At June 30, 2012, the undiscounted future expected payment obligations were as follows:

 

(in millions)       

2012

     $ 46   

2013

     86   

2014

     127   

2015

     193   

2016

     147   

Thereafter

     1,011   
  

 

 

 

Total

     $ 1,610   
  

 

 

 

Payments for nuclear fuel amounted to $40 million and $47 million for the six months ended June 30, 2012 and 2011, respectively.

Other Commitments

In March 2012, the Utility entered into a 10-year facility lease agreement for 250,000 square feet of office space in San Ramon, California. As of June 30, 2012, the future minimum commitment for this operating lease was approximately $67 million.

Contingencies

Legal and Regulatory Contingencies

PG&E Corporation and the Utility are subject to various laws and regulations and, in the normal course of business, PG&E Corporation and the Utility are named as parties in a number of claims and lawsuits. In addition, the Utility can incur penalties for failure to comply with federal, state, or local laws and regulations.

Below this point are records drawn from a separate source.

Lemma blockmx_sub_emx_high K (b : 'M[C]_K.+1) c d (e : R) m : (K.+1 < m)%N ->
  forall p q, (0 < p)%N -> (0 < q)%N ->
  mx_sub (blockmx b c d) (mx_scale e (emx m)) p q =
  blockmx b c (fun n => if n == m then d m - e else d n) p q.
Proof.
move=> m_gt p q p_gt0 q_gt0; rewrite /mx_sub /mx_scale /emx /blockmx.
rewrite (negbTE (lt0n_neq0 p_gt0)) (negbTE (lt0n_neq0 q_gt0)) /=.
case: ifP => p_le.
  by rewrite (_ : p == m = false) ?mulr0 ?subr0; [case: ifP | apply/negbTE/eqP; lia].
case: ifP => q_le.
  by rewrite (_ : q == m = false) ?andbF ?mulr0 ?subr0 //; apply/negbTE/eqP; lia.
case: (eqVneq p q) => [<-|p_neq_q].
  by case: eqP => [->|]; rewrite ?mulr1 ?rmorphB ?mulr0 ?subr0.
rewrite (_ : (p == m) && (q == m) = false) ?mulr0 ?subr0 //.
by apply/negbTE; apply: contra p_neq_q => /andP [/eqP -> /eqP ->].
Qed.

Lemma cvg_series_delta (l0 : nat) (e : R) :
  (series (fun l => if l == l0 then e else 0) @ \oo --> e)%classic.
Proof.
apply: cvg_near_cst; exists l0.+1 => // N /= N_gt.
rewrite /series /= (bigD1_seq l0) ?mem_index_iota ?iota_uniq //= eqxx.
by rewrite big1 ?addr0 // => l /negbTE ->.
Qed.

Lemma block_data_shift K (b : 'M[C]_K.+1) c d m (eps : R) :
  (K.+1 < m)%N -> eps < d m -> block_data b c d ->
  let d' := fun n => if n == m then d m - eps else d n in
  block_data b c d' /\
  cd_sum K.+1 c d' = cd_sum K.+1 c d + (cd_term c d' m - cd_term c d m).
Proof.
move=> m_gt eps_lt [d_gt0 cd_cvg] d'.
set delta := cd_term c d' m - cd_term c d m.
have cd_seqE : cd_seq K.+1 c d' =
    (cd_seq K.+1 c d \+ (fun l => if l == (m - K.+2)%N then delta else 0))%R.
  apply/funext => l /=; rewrite /cd_seq; case: (eqVneq l (m - K.+2)%N) => [->|l_neq].
    by rewrite (_ : (K.+1 + (m - K.+2).+1)%N = m) 1?addrC ?subrK //; lia.
  by rewrite addr0 /cd_term /d' ifN_eq //; apply/eqP; lia.
have delta_cvg := @cvg_series_delta (m - K.+2) delta.
have cd'_cvg : cvgn (series (cd_seq K.+1 c d')).
  by rewrite cd_seqE; apply: is_cvg_seriesD => //; exact: cvgP delta_cvg.
split; first split => // n n_gt.
  by rewrite /d'; case: eqP => _; [rewrite subr_gt0 | apply: d_gt0].
by rewrite /cd_sum cd_seqE lim_seriesD ?(cvg_lim _ delta_cvg) //; exact: cvgP delta_cvg.
Qed.

Lemma lambda_min_sub_scale_delta n (b : 'M[C]_n.+1) (e : R) i :
  psd_mx b -> 0 <= e -> lambda_min b - e <= lambda_min (b - e%:C *: delta_mx i i).
Proof.
move=> psd_b e_ge0; apply/lambda_min_ge/qform_sub_scale_delta => // v.
exact: rayleigh_lambda_min.
Qed.

Lemma exists_small_inv_increment (s D A k : R) : 0 < s -> 0 < D -> 0 <= A -> 0 <= k ->
  exists2 eps, 0 < eps < D & k * (A / (D - eps) - A / D) < s.
Proof.
move=> s_gt0 D_gt0 A_ge0 k_ge0; have kA_ge0 : 0 <= k * A by rewrite mulr_ge0.
have incrE t : 0 < t -> k * (A / (D - D * t / (1 + t)) - A / D) = k * A * t / D.
  by move=> t_gt0; field; apply/andP; split; apply: lt0r_neq0; lra.
have [t t_gt0 t_small] : exists2 t, 0 < t & k * A * t / D < s.
  exists (s * D / (2 * (k * A + 1))); first by apply: divr_gt0; [exact: mulr_gt0 | lra].
  have -> : k * A * (s * D / (2 * (k * A + 1))) / D = s * (k * A / (2 * (k * A + 1))).
    by field; apply/andP; split; apply: lt0r_neq0; lra.
  by rewrite -[X in _ < X]mulr1 ltr_pM2l // ltr_pdivrMr; lra.
exists (D * t / (1 + t)); last by rewrite incrE.
apply/andP; split; first by apply: divr_gt0; [exact: mulr_gt0 | lra].
by rewrite ltr_pdivrMr; nra.
Qed.

End Perturbations.

Section PerturbedBlocks.
Local Open Scope complex_scope.
Variables (R : realType) (K : nat) (b : 'M[R[i]]_K.+1) (c : nat -> R[i]) (d : nat -> R).
Hypothesis b_c_d_in_S : in_S b c d.

Definition sub_emx_in_S (eps : R) (m : nat) : Prop :=
  exists (b' : 'M[R[i]]_K.+1) (c' : nat -> R[i]) (d' : nat -> R),
    block_data b' c' d' /\
    (forall p q, (0 < p)%N -> (0 < q)%N ->
       blockmx b' c' d' p q = mx_sub (blockmx b c d) (mx_scale eps (emx m)) p q) /\
    0 < sval_s b' c' d'.

Lemma formally_psd_blockmx : 0 <= sval_s b c d -> formally_psd (blockmx b c d).
Proof.
case: b_c_d_in_S => psd_b [d_gt0 cd_cvg] s_ge0.
apply: (blockmx_formally_psd _ d_gt0 cd_cvg).
  by move=> v; apply: rayleigh_lambda_min.
by move: s_ge0; rewrite /sval_s subr_ge0.
Qed.

Lemma formally_psd_sub_emx_low (eps : R) m : 0 <= eps -> eps <= sval_s b c d ->
  (0 < m <= K.+1)%N -> formally_psd (mx_sub (blockmx b c d) (mx_scale eps (emx m))).
Proof.
case: b_c_d_in_S => psd_b [d_gt0 cd_cvg] eps_ge0 eps_le m_bd.
apply: formally_psd_ext (blockmx_sub_emx_low b c d eps m_bd) _.
apply: (blockmx_formally_psd (mu := lambda_min b - eps) _ d_gt0 cd_cvg).
  by apply: qform_sub_scale_delta => // v; apply: rayleigh_lambda_min.
by move: eps_le; rewrite /sval_s; lra.
Qed.

Lemma sub_emx_low_in_S m : 0 < sval_s b c d -> (0 < m <= K.+1)%N ->
  exists eps, 0 < eps /\ sub_emx_in_S eps m /\
    formally_psd (mx_sub (blockmx b c d) (mx_scale eps (emx m))).
Proof.
move=> s_gt0 m_bd; have [psd_b b_c_d] := b_c_d_in_S.
pose eps := sval_s b c d / 2; have eps_gt0 : 0 < eps by rewrite divr_gt0.
exists eps; split=> //; split; last first.
  by apply: formally_psd_sub_emx_low => //; [exact: ltW | rewrite /eps; lra].
exists (b - eps%:C *: delta_mx (inord m.-1) (inord m.-1)), c, d.
(* [block_data] only depends on the size of its matrix argument. *)
split; first exact: b_c_d.
split.
  by move=> p q p_gt0 q_gt0; rewrite (blockmx_sub_emx_low b c d eps m_bd).
have := lambda_min_sub_scale_delta (inord m.-1) psd_b (ltW eps_gt0).
rewrite /sval_s; move: (lambda_min (b - _)) => L'.
by move: s_gt0; rewrite /eps /sval_s; lra.
Qed.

PG&E Corporation and the Utility record a provision for a loss when it is both probable that a loss has been incurred and the amount of the loss can be reasonably estimated. PG&E Corporation and the Utility evaluate the range of reasonably estimated losses and record a provision based on the lower end of the range, unless an amount within the range is a better estimate than any other amount. These accruals, and the estimates of any additional reasonably possible losses (or reasonably possible losses in excess of the amounts accrued), are reviewed quarterly and are adjusted to reflect the impacts of negotiations, discovery, settlements and payments, rulings, advice of legal counsel, and other information and events pertaining to a particular matter. In assessing such contingencies, PG&E Corporation’s and the Utility’s policy is to exclude anticipated legal costs.

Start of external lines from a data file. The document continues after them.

(* Let $n\ge3$ be an integer, let $(\eta_{ab})$ be a non-degenerate symmetric complex $n\times n$ matrix with inverse $(\eta^{ab})$, let $\mathscr{F}=\mathbb{C}[x^1,\dots,x^n]$ and $\mathscr{F}^+=\{\phi\in\mathscr{F}:\sum_{a,b}\eta^{ab}\partial_a\partial_b\phi=0\}$. Let $Z^\circ$ be the $\mathbb{C}$-algebra of operators on $\mathscr{F}$ generated by $$H=-\tfrac12\sum_a(x^a\partial_a+\partial_ax^a),\qquad \partial_a,\qquad \tilde x^a=x^a+\frac1{2H+4}\sum_{b,c}\eta_{bc}x^bx^c\,\partial^a\qquad(1\le a\le n).$$ Then each of these operators maps $\mathscr{F}^+$ into itself, so $\mathscr{F}^+$ is a $Z^\circ$-module, and $\mathscr{F}^+$ is irreducible as a $Z^\circ$-module.
   Context: $\partial_a=\partial/\partial x^a$, $\partial^a=\sum_b\eta^{ab}\partial_b$. $H$ acts on homogeneous polynomials of degree $d$ by the scalar $-d-\frac n2$, and $(2H+4)^{-1}$ denotes the inverse of $2H+4$ on the (homogeneous, degree $\ge2$ when nonzero) polynomial $\sum_{b,c}\eta_{bc}x^bx^c\partial^a\psi$; explicitly $\tilde x^a\psi=x^a\psi+\frac1{2-2d-n}\sum_{b,c}\eta_{bc}x^bx^c\partial^a\psi$ for $\psi$ homogeneous of degree $d\ge1$ and $\tilde x^a\psi=x^a\psi$ for constant $\psi$. Irreducible means the only $Z^\circ$-invariant subspaces of $\mathscr{F}^+$ are $0$ and $\mathscr{F}^+$. *)

From HB Require Import structures.
From mathcomp Require Import all_boot all_order all_algebra.
From mathcomp Require Import Rstruct.
From mathcomp.real_closed Require Import complex.
From mathcomp.multinomials Require Import mpoly.
Set Implicit Arguments. Unset Strict Implicit. Unset Printing Implicit Defensive.
Import Order.TTheory GRing.Theory Num.Theory.
Local Open Scope ring_scope.

Notation C := (complex Rdefinitions.R).
Check (1 : C).

Definition Fpoly (n : nat) := {mpoly C[n]}.

Section Ops.
Variables (n : nat) (eta : 'M[C]_n).

Definition etainv : 'M[C]_n := invmx eta.

Definition dpart (a : 'I_n) (p : Fpoly n) : Fpoly n := mderiv a p.

Definition dup (a : 'I_n) (p : Fpoly n) : Fpoly n :=
  \sum_(b < n) etainv a b *: dpart b p.

Definition laplace (p : Fpoly n) : Fpoly n :=
  \sum_(a < n) \sum_(b < n) etainv a b *: dpart a (dpart b p).

Definition harmonic (p : Fpoly n) : Prop := laplace p = 0.

Definition Hop (p : Fpoly n) : Fpoly n :=
  (- (1 / 2%:R)) *: \sum_(a < n) ('X_a * dpart a p + dpart a ('X_a * p)).

(* (2H+4)^{-1}: H acts on degree-d homogeneous polynomials by -d - n/2,
   so on each monomial of degree d we divide by 2(-d-n/2)+4. *)
Definition inv2H4 (p : Fpoly n) : Fpoly n :=
  \sum_(m <- msupp p)
     (p@_m / (2%:R * (- (mdeg m)%:R - n%:R / 2%:R) + 4%:R)) *: 'X_[m].

Definition xtilde (a : 'I_n) (p : Fpoly n) : Fpoly n :=
  'X_a * p + inv2H4 (\sum_(b < n) \sum_(c < n) eta b c *: ('X_b * 'X_c * dup a p)).

Inductive inZ : (Fpoly n -> Fpoly n) -> Prop :=
  | inZ_H : inZ Hop
  | inZ_d a : inZ (dpart a)
  | inZ_xt a : inZ (xtilde a)
  | inZ_id : inZ id
  | inZ_scale (c : C) T : inZ T -> inZ (fun p => c *: T p)
  | inZ_add T1 T2 : inZ T1 -> inZ T2 -> inZ (fun p => T1 p + T2 p)
  | inZ_comp T1 T2 : inZ T1 -> inZ T2 -> inZ (fun p => T1 (T2 p)).

Definition Zinvariant_subspace (S : Fpoly n -> Prop) : Prop :=
  [/\ S 0,
      (forall p q, S p -> S q -> S (p + q)),
      (forall (c : C) p, S p -> S (c *: p)),
      (forall p, S p -> harmonic p)
    & (forall T p, inZ T -> S p -> S (T p))].

Definition Fplus_irreducible : Prop :=
  forall S, Zinvariant_subspace S ->
    (forall p, S p <-> p = 0) \/ (forall p, S p <-> harmonic p).

End Ops.

From Pilot Require Import Defs.
From HB Require Import structures.
From mathcomp Require Import all_boot all_order all_algebra.
From mathcomp Require Import Rstruct.
From mathcomp.real_closed Require Import complex.
From mathcomp.multinomials Require Import mpoly.
From mathcomp.algebra_tactics Require Import ring.
From Stdlib Require Import Classical.
Set Implicit Arguments. Unset Strict Implicit. Unset Printing Implicit Defensive.
Import GRing.Theory Num.Theory.
Local Open Scope ring_scope.

(* H, d_a and (2H+4)^-1 are degree multipliers: on the homogeneous component
   of degree d they act by scalars (H by -d - n/2), while the Laplacian lowers
   degrees by 2; so H and d_a preserve harmonic polynomials.  For x~^a one has
   Lap(x^a p) = 2 d^a p, and Lap(r2 q) = 2 (2E + n) q for harmonic q, where
   r2 = sum eta_bc x^b x^c and E is the Euler operator.  As 2H+4 acts on r2 q
   of degree deg q + 2 by -(2 deg q + n), the correction term of x~^a p has
   Laplacian -2 d^a p, cancelling Lap(x^a p).
   For irreducibility: a nonzero invariant subspace contains 1 (differentiate
   down to a nonzero constant), and then every homogeneous harmonic h by
   induction on the degree, because sum_a x~^a d_a h = E h = (deg h) h, the
   correction terms adding up to (2H+4)^-1 (r2 Lap h) = 0. *)

Section DegreeMultiplier.
Variables (R : comRingType) (n : nat).
Implicit Types (p q : {mpoly R[n]}) (f g : nat -> R) (m : 'X_{1..n}).

Definition degmul f p : {mpoly R[n]} :=
  \sum_(m <- msupp p) (p@_m * f (mdeg m)) *: 'X_[m].

Lemma mcoeff_degmul f p m : (degmul f p)@_m = p@_m * f (mdeg m).
Proof.
rewrite /degmul raddf_sum /=.
under eq_bigr do rewrite mcoeffZ mcoeffX.
have [m_p|m_Np] := boolP (m \in msupp p).
  rewrite (bigD1_seq m) ?msupp_uniq //= eqxx mulr1 big1 ?addr0 // => k /negbTE.
  by rewrite eq_sym => ->; rewrite mulr0.
rewrite (memN_msupp_eq0 m_Np) mul0r big1_seq // => k /andP[_ k_p].
by case: eqP m_Np => [<-|_]; [rewrite k_p | rewrite mulr0].
Qed.

Lemma degmul_is_linear f : linear (degmul f).
Proof.
move=> c p q; apply/mpolyP => m.
by rewrite mcoeffD mcoeffZ !mcoeff_degmul mcoeffD mcoeffZ mulrDl mulrA.
Qed.

HB.instance Definition _ f := GRing.isLinear.Build R {mpoly R[n]} {mpoly R[n]}
  _ (degmul f) (degmul_is_linear f).

Lemma eq_degmul f g p : f =1 g -> degmul f p = degmul g p.
Proof. by move=> eq_fg; apply/mpolyP => m; rewrite !mcoeff_degmul eq_fg. Qed.

Lemma degmulK f g p : degmul f (degmul g p) = degmul (fun d => g d * f d) p.
Proof. by apply/mpolyP => m; rewrite !mcoeff_degmul mulrA. Qed.

Lemma degmul_cst c p : degmul (fun=> c) p = c *: p.
Proof. by apply/mpolyP => m; rewrite mcoeff_degmul mcoeffZ mulrC. Qed.

Lemma degmulDl f g p : degmul f p + degmul g p = degmul (fun d => f d + g d) p.
Proof. by apply/mpolyP => m; rewrite mcoeffD !mcoeff_degmul mulrDr. Qed.

Lemma mderiv_degmul i f p :
  mderiv i (degmul f p) = degmul (fun d => f d.+1) (mderiv i p).
Proof.
apply/mpolyP => m; rewrite mcoeff_mderiv !mcoeff_degmul mcoeff_mderiv.
by rewrite mdegD mdeg1 addn1 mulrnAl.
Qed.

Lemma msupp_mderiv i p m : m \in msupp (mderiv i p) -> (m + U_(i))%MM \in msupp p.
Proof.
by rewrite !mcoeff_msupp mcoeff_mderiv; apply: contra => /eqP ->; rewrite mul0rn.
Qed.

Lemma mderiv_homog d i p :
  p \is d.+1.-homog for mdeg -> mderiv i p \is d.-homog for mdeg.
Proof.
move=> p_homog; apply/dhomogP => m /msupp_mderiv /(dhomog_mf p_homog).
by rewrite /= mdegD mdeg1 addn1 => -[].
Qed.

Lemma degmul_homog d f p : p \is d.-homog for mdeg -> degmul f p = f d *: p.
Proof.
move=> p_homog; apply/mpolyP => m; rewrite mcoeff_degmul mcoeffZ mulrC.
have [<-//|ne_md] := eqVneq (mdeg m) d.
by rewrite (dhomog_nemf_coeff p_homog ne_md) !mulr0.
Qed.

Lemma pihomog_degmul d p : pihomog mdeg d p = degmul (fun e => (e == d)%:R) p.
Proof.
rewrite pihomogE /degmul big_mkcond /=; apply: eq_bigr => m _.
by case: eqP; rewrite ?mulr1 ?mulr0 ?scale0r.
Qed.

Definition euler p : {mpoly R[n]} := \sum_(i < n) 'X_i * mderiv i p.

Lemma mcoeffXM i q m :
  ('X_i * q)@_m = if (0 < m i)%N then q@_(m - U_(i))%MM else 0.
Proof.
rewrite -commr_mpolyX.
case: ifPn => [m_i_gt0|]; last rewrite -eqn0Ngt => /eqP m_i0.
  have U_le_m : (U_(i) <= m)%MM by rewrite lep1mP -lt0n.
  by rewrite -{1}(submK U_le_m) addmC mcoeffMX.
rewrite [q]mpolyE mulr_suml raddf_sum big1 //= => k _.
rewrite -scalerAl -mpolyXD mcoeffZ mcoeffX; case: eqP => [km|]; last by rewrite mulr0.
by move: m_i0; rewrite -km mnmDE mnm1E eqxx addn1.
Qed.

Lemma euler_degmul p : euler p = degmul (fun d => d%:R) p.
Proof.
apply/mpolyP => m; rewrite mcoeff_degmul /euler raddf_sum /=.
transitivity (\sum_(i < n) p@_m *+ m i); last by rewrite sumrMnr -mdegE mulr_natr.
apply: eq_bigr => i _; rewrite mcoeffXM.
case: ifPn => [m_i_gt0|]; last by rewrite -eqn0Ngt => /eqP ->.
have U_le_m : (U_(i) <= m)%MM by rewrite lep1mP -lt0n.
by rewrite mcoeff_mderiv submK // mnmBE mnm1E eqxx subn1 prednK.
Qed.

End DegreeMultiplier.

Section DerivativeClosed.
Variables (R : numFieldType) (n : nat).
Implicit Types (p : {mpoly R[n]}) (m : 'X_{1..n}).

Lemma msize_mderiv_lt i p : p != 0 -> (msize (mderiv i p) < msize p)%N.
Proof.
move=> p_nz; rewrite (mpolySpred _ p_nz) ltnS msizeE.
apply/bigmax_leqP_seq => m /msupp_mderiv m_p _.
rewrite -ltnS -(mpolySpred _ p_nz).
by move: (msize_mdeg_lt m_p); rewrite mdegD mdeg1 addn1.
Qed.

Lemma mderiv_neq0 i p m : m \in msupp p -> (0 < m i)%N -> mderiv i p != 0.
Proof.
move=> m_p m_i_gt0; apply: contraTneq m_p => di_p0.
have U_le_m : (U_(i) <= m)%MM by rewrite lep1mP -lt0n.
have := congr1 (mcoeff (m - U_(i))%MM) di_p0.
rewrite mcoeff_mderiv submK // mcoeff0 mnmBE mnm1E eqxx subn1 prednK //.
by move/eqP; rewrite mulrn_eq0 gtn_eqF //= mcoeff_msupp negbK.
Qed.

Lemma exists_mderiv_neq0 p : (1 < msize p)%N -> exists i, mderiv i p != 0.
Proof.
move=> size_p; have p_nz : p != 0 by rewrite -(mmeasure_poly_eq0 mdeg) -lt0n ltnW.
have : (0 < mdeg (mlead p))%N by rewrite -ltnS mlead_deg.
rewrite lt0n mdeg_eq0 => /eqP mlead_nz.
have [i m_i_nz] : exists i, mlead p i != 0%N.
  case: (pickP (fun i => mlead p i != 0%N)) => [i|m0]; first by exists i.
  by case: mlead_nz; apply/mnmP => i; rewrite mnm0E; apply/eqP/negbFE/m0.
by exists i; apply: (mderiv_neq0 (mlead_supp p_nz)); rewrite lt0n.
Qed.

Lemma mderiv_closed_has1 (S : {mpoly R[n]} -> Prop) :
    (forall i p, S p -> S (mderiv i p)) -> (forall c p, S p -> S (c *: p)) ->
  forall p, p != 0 -> S p -> S 1.
Proof.
move=> S_mderiv S_scale p.
elim: {p}(msize p).+1 {-2}p (ltnSn (msize p)) => // k IHk p size_p p_nz Sp.
have [size_le1|size_gt1] := leqP (msize p) 1; last first.
  have [i di_nz] := exists_mderiv_neq0 size_gt1.
  apply: (IHk (mderiv i p)) => //; last exact: S_mderiv.
  by rewrite -ltnS (leq_trans _ size_p) // ltnS msize_mderiv_lt.
have p_cst := msize1_polyC size_le1.
have c_nz : p@_0 != 0 by apply: contraNneq p_nz => c0; rewrite p_cst c0.
by have := S_scale (p@_0)^-1 _ Sp; rewrite {2}p_cst -alg_mpolyC scalerA mulVf ?scale1r.
Qed.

The accrued liability associated with claims and litigation, regulatory proceedings, penalties, and other legal matters (other than third-party claims and penalties related to natural gas matters discussed below) totaled $42 million at June 30, 2012 and $52 million at December 31, 2011 and are included in PG&E Corporation’s and the Utility’s current liabilities – other in the Condensed Consolidated Balance Sheets. Except as discussed below, PG&E Corporation and the Utility do not believe that losses associated with legal and regulatory contingencies would have a material impact on their financial condition, results of operations, or cash flows.

Natural Gas Matters

On September 9, 2010, an underground 30-inch natural gas transmission pipeline (“Line 132”) owned and operated by the Utility, ruptured in a residential area located in the City of San Bruno, California (the “San Bruno accident”). The ensuing explosion and fire resulted in the deaths of eight people, numerous personal injuries, and extensive property damage. Following the San Bruno accident, various regulatory proceedings, investigations, and lawsuits were commenced.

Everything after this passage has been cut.